New Argument Asserts Trump Is Ineligible to Run

Law review article cites a clause in the 14th Amendment about supporting an insurrection
By John Johnson,  Newser Staff
Posted Aug 21, 2023 11:30 AM CDT
2 Constitutional Scholars Say Trump Ineligible to Run
Former President Donald Trump speaks to supporters during a visit to the Iowa State Fair, Aug. 12, 2023, in Des Moines.   (AP Photo/Charlie Neibergall, File)

Former President Trump is miles and miles ahead of his Republican competitors. But if an upcoming law review article is correct, the former president shouldn't even be running in the first place. The argument that Trump is constitutionally ineligible is being made by conservative scholars William Baude of the University of Chicago and Michael Stokes Paulsen of the University of St. Thomas, reports the Guardian. Coverage:

  • 14th Amendment: In their article to be published in the University of Pennsylvania Law Review, the pair cite section 3 of the 14th Amendment. It stipulates that no person who has taken an oath "as an officer of the United States" can hold office if they "have engaged in insurrection or rebellion against the same, or given aid or comfort to the enemies thereof." The full text is here.
  • Their view: "The bottom line is that Donald Trump 'engaged in insurrection or rebellion' and gave 'aid or comfort' to others engaging in such conduct, within the original meaning of those terms as employed in section 3 of the 14th amendment," write Baude and Paulsen. "If the public record is accurate, the case is not even close."

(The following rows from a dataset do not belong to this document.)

Lemma quadratic_pos_near0 (c0 c1 c2 : R) : 0 < c0 ->
  exists2 eta, 0 < eta &
    forall x, `|x| < eta -> 0 < c0 + x * c1 + x ^+ 2 * c2.
Proof.
move=> c0_gt0; set K := `|c1| + `|c2| + 1.
have K_gt0 : 0 < K by rewrite /K; have := normr_ge0 c1; have := normr_ge0 c2; lra.
exists (Num.min 1 (c0 / (2 * K))); first by rewrite lt_min ltr01 divr_gt0 ?mulr_gt0.
move=> x; rewrite lt_min ltr_pdivlMr ?mulr_gt0 // => /andP[x_lt1 x_small].
have x1 := lerNnormlW (lexx `|x * c1|); rewrite normrM in x1.
have x2 := lerNnormlW (lexx `|x ^+ 2 * c2|); rewrite normrM normrX in x2.
have xx2 : `|x| ^+ 2 * `|c2| <= `|x| * `|c2|.
  by rewrite expr2 -mulrA ler_piMl ?mulr_ge0 // ltW.
move: x_small; rewrite /K; have := normr_ge0 x; have := normr_ge0 c1; nra.
Qed.

(* A solution of P' = G(P) cannot leave (0, +oo): at the first time P reaches
   0 it would be small, so P' = G(P) > 0 just before, and P would increase. *)
Lemma autonomous_ode_pos (T eta : R) (P G : R -> R) :
  0 < eta -> (forall x, `|x| < eta -> 0 < G x) ->
  {within `[0, T], continuous P} ->
  (forall t, 0 < t < T -> derivable P t 1 /\ derive1 P t = G (P t)) ->
  0 < P 0 -> forall t, 0 <= t <= T -> 0 < P t.
Proof.
move=> eta_gt0 G_pos cP dP P0_gt0 t tT; rewrite ltNge; apply/negP => Pt_le0.
pose S := [set u | 0 <= u <= T /\ P u <= 0].
have St : S t by [].
have hS : has_inf S by split; [exists t | exists 0 => u [/andP[]]].
pose ts := inf S.
have inf_le u : S u -> ts <= u by exact: (ge_inf hS.2).
have ts_ge0 : 0 <= ts by apply: lb_le_inf; [exists t | move=> u [/andP[]]].
have ts_in : 0 <= ts <= T by rewrite ts_ge0 (le_trans (inf_le t St)) //; case/andP: tT.
have [d d_gt0 near_ts] :=
  continuous_within_itv_dist cP ts_in (divr_gt0 eta_gt0 (ltr0Sn _ 1)).
have [e Se e_lt] := inf_adherent d_gt0 hS.
have ts_e := inf_le e Se; have [/andP[_ eT] Pe_le0] := Se.
have [s [s_ge0 s_ts ts_s Ps_gt0]] :
    exists s, [/\ 0 <= s, s <= ts, ts - s < d & 0 < P s].
  pose s := Num.max 0 (ts - d / 2); exists s.
  have s_ge : ts - d / 2 <= s by rewrite le_max lexx orbT.
  split; [by rewrite le_max lexx | by rewrite ge_max ts_ge0; lra | lra |].
  have [->//|s_neq0] := eqVneq s 0; rewrite ltNge; apply/negP => Ps_le0.
  have s_in : 0 <= s <= T.
    by rewrite le_max lexx ge_max /=; case/andP: ts_in => *; apply/andP; split; lra.
  have := inf_le s (conj s_in Ps_le0).
  by move: s_neq0; rewrite /s maxEle; case: leP; rewrite ?eqxx //; lra.
have s_e : s < e.
  by rewrite lt_neqAle (le_trans s_ts ts_e) andbT; apply: contraTneq Ps_gt0 => ->; rewrite -leNgt.
have s_in : s <= s <= e by rewrite lexx ltW.
have e_in : s <= e <= e by rewrite lexx ltW.
have close u : s <= u <= e -> `|P u - P ts| < eta / 2.
  move=> /andP[su ue]; apply: near_ts; first by apply/andP; split; lra.
  by rewrite ltr_norml; apply/andP; split; lra.
have P_small u : s <= u <= e -> `|P u| < eta.
  by move=> su; move: (close u su) (close s s_in) (close e e_in); rewrite !ltr_norml; lra.
have in_open u : u \in `]s, e[ -> 0 < u < T by rewrite in_itv /= => /andP[] *; lra.
have P_incr : {in `[s, e] &, {homo P : x y / x < y}}.
  apply: gtr0_derive1_lt_cc => [u /in_open /dP[] // | u uin |].
    rewrite (proj2 (dP u (in_open u uin))) G_pos // P_small //.
    by move: uin; rewrite in_itv /= => /andP[su ue]; rewrite !ltW.
  by apply: continuous_subspaceW cP => u; rewrite /= !in_itv /= => /andP[] *; lra.
by have := P_incr s e; rewrite !in_itv /= s_in e_in => /(_ isT isT s_e); lra.
Qed.

End ODEPositivity.

Section GaussianIntegral.
Variable R : realType.

Lemma expR_Nhalf_ln (q : R) : 0 < q -> expR (- (1 / 2 * ln q)) = (Num.sqrt q)^-1.
Proof.
move=> q_gt0; rewrite expRN; congr _^-1.
have sq : expR (1 / 2 * ln q) ^+ 2 = q.
  by rewrite -expRM_natl mulrA div1r mulfV ?pnatr_eq0 // mul1r lnK.
by rewrite -[in RHS]sq sqrtr_sqr gtr0_norm ?expR_gt0.
Qed.

Lemma Rintegral_scaled_normal_pdf (K m s : R) :
  Rintegral lebesgue_measure setT (fun y => K * normal_pdf m s y) = K.
Proof.
rewrite RintegralZl //; last exact: integrable_normal_pdf.
by rewrite /Rintegral integral_normal_pdf /= mulr1.
Qed.

(* Completing the square: the integrand is a multiple of the density of
   N((m + v b) / q, v / q), q = 1 - v f. *)
Lemma gauss_exp_expR_quadratic (C m v f b h : R) : 0 < v -> 0 < 1 - v * f ->
  gauss_exp m v (fun y => C * expR (f / 2 * y ^+ 2 + b * y + h)) =
  C * expR (f / (1 - v * f) / 2 * m ^+ 2 + b / (1 - v * f) * m
            + (h - 1 / 2 * ln (1 - v * f) + 1 / 2 * (b ^+ 2 * v / (1 - v * f)))).
Proof.
move=> v_gt0 q_gt0; set q := 1 - v * f; set K := RHS.
have vq_gt0 : 0 < v / q by rewrite divr_gt0.
rewrite -(Rintegral_scaled_normal_pdf K ((m + v * b) / q) (Num.sqrt (v / q))).
apply: eq_Rintegral => y _.
have pi_gt0 : 0 < pi :> R by exact: pi_gt0.
rewrite /normal_pdf !sqrtr_eq0 !leNgt v_gt0 vq_gt0 /= /normal_peak /normal_fun.
rewrite !sqr_sqrtr ?ltW // (_ : v / q * pi *+ 2 = (v * pi *+ 2) / q); last first.
  by rewrite !mulr2n; ring.
rewrite sqrtrM ?mulrn_wge0 ?mulr_ge0 ?ltW // sqrtrV ?ltW //.
set X := f / q / 2 * m ^+ 2 + b / q * m + 1 / 2 * (b ^+ 2 * v / q) + h.
have -> : K = C * expR X * (Num.sqrt q)^-1.
  by rewrite /K -expR_Nhalf_ln // -[RHS]mulrA -expRD /X; congr (_ * expR _); ring.
have completed_square : expR (f / 2 * y ^+ 2 + b * y + h) =
    expR X * expR (- (y - (m + v * b) / q) ^+ 2 / (v / q *+ 2))
    / expR (- (y - m) ^+ 2 / (v *+ 2)).
  rewrite -expRN -!expRD; congr expR; rewrite /X !mulr2n /q; field.
  by rewrite !gt_eqF // addr_gt0.
have sq_neq0 : Num.sqrt q != 0 by rewrite sqrtr_eq0 -ltNge.
have sv_neq0 : Num.sqrt (v * pi *+ 2) != 0.
  by rewrite sqrtr_eq0 -ltNge mulrn_wgt0 ?mulr_gt0.
rewrite completed_square; field.
by rewrite sq_neq0 sv_neq0 gt_eqF ?expR_gt0.
Qed.

End GaussianIntegral.

Section QuadraticForms.
Variable R : realType.

Lemma sc_add (X Y : 'M[R]_1) : sc (X + Y) = sc X + sc Y.
Proof. by rewrite /sc mxE. Qed.

Lemma sc_scale (x : R) (X : 'M[R]_1) : sc (x *: X) = x * sc X.
Proof. by rewrite /sc mxE. Qed.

  • In support: In the Atlantic, former judge J. Michael Luttig and law professor Laurence H. Tribe say the pair nailed it and write their own argument to that effect. "The former president's efforts to overturn the 2020 presidential election, and the resulting attack on the U.S. Capitol, place him squarely within the ambit of the disqualification clause, and he is therefore ineligible to serve as president ever again," they write. "The most pressing constitutional question facing our country at this moment, then, is whether we will abide by this clear command of the Fourteenth Amendment's disqualification clause."
  • Disagree: At Bloomberg, Noah Feldman (no fan of Trump) assesses the argument and concludes its proponents are "using magic words from the past" to try to block Trump. "Was the Jan. 6 attack on the Capitol an 'insurrection'? Did Trump participate or give aid and comfort to the 'enemies' of the Constitution under Section 3? These are contentious questions of constitutional interpretation." At the National Review, Dan McLaughlin makes a similar case, maintaining that the push to disqualify Trump is based on a "weak case" that is not improved by the conservative scholars' new essay.
  • So what now? In the Washington Post, Edward B. Foley writes that the Supreme Court should consider and settle the issue, ideally before the primaries begin in January. Failing that, the court should do so before GOP delegates meet at the party convention in July 2024 to name their nominee.